-------- Provided records --------
(* Let $n\ge 2$. The completely isolated subsemigroups of $\mathcal{PI}^{\ast}_n$ are exactly $\mathcal{PI}^{\ast}_n$, $\mathcal{S}_n$ and $\mathcal{PI}^{\ast}_n\setminus\mathcal{S}_n$.
   Context: Let $X=\{1,\dots,n\}$, $X'=\{1',\dots,n'\}$. $\mathcal{PI}^{\ast}_n$ is the set of partitions of $X\cup X'$ each of whose blocks is a singleton (point) or a generalised line (a set meeting both $X$ and $X'$), with product $\star$: with $X''$ a third copy of $X$, regard $\alpha$ as a partition of $X\cup X''$ and $\beta$ as a partition of $X''\cup X'$, let $\sim$ be the equivalence on $X\cup X''\cup X'$ generated by the blocks of both; $\alpha\star\beta$ is the partition of $X\cup X'$ in which distinct $u,v$ are in one block iff $u\sim v$ and the $\sim$-class of $u$ contains no singleton block of $\alpha$ or $\beta$. $\mathcal{S}_n$ is its group of units: elements all of whose blocks are $\{x,\pi(x)'\}$ for a permutation $\pi$. A subsemigroup $T$ of a semigroup $S$ is completely isolated if for all $a,b\in S$, $ab\in T$ implies $a\in T$ or $b\in T$. *)

From mathcomp Require Import all_boot all_fingroup.
Set Implicit Arguments. Unset Strict Implicit. Unset Printing Implicit Defensive.

(* X ∪ X' : inl x = x ∈ X, inr x = x' ∈ X'. *)
Definition pt (n : nat) : finType := ('I_n + 'I_n)%type.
--------
▶ _Task details_: Lines of the listing above that include the string "isolated" should each be copied.

▶ _Task answer_:
(* Let $n\ge 2$. The completely isolated subsemigroups of $\mathcal{PI}^{\ast}_n$ are exactly $\mathcal{PI}^{\ast}_n$, $\mathcal{S}_n$ and $\mathcal{PI}^{\ast}_n\setminus\mathcal{S}_n$.
   Context: Let $X=\{1,\dots,n\}$, $X'=\{1',\dots,n'\}$. $\mathcal{PI}^{\ast}_n$ is the set of partitions of $X\cup X'$ each of whose blocks is a singleton (point) or a generalised line (a set meeting both $X$ and $X'$), with product $\star$: with $X''$ a third copy of $X$, regard $\alpha$ as a partition of $X\cup X''$ and $\beta$ as a partition of $X''\cup X'$, let $\sim$ be the equivalence on $X\cup X''\cup X'$ generated by the blocks of both; $\alpha\star\beta$ is the partition of $X\cup X'$ in which distinct $u,v$ are in one block iff $u\sim v$ and the $\sim$-class of $u$ contains no singleton block of $\alpha$ or $\beta$. $\mathcal{S}_n$ is its group of units: elements all of whose blocks are $\{x,\pi(x)'\}$ for a permutation $\pi$. A subsemigroup $T$ of a semigroup $S$ is completely isolated if for all $a,b\in S$, $ab\in T$ implies $a\in T$ or $b\in T$. *)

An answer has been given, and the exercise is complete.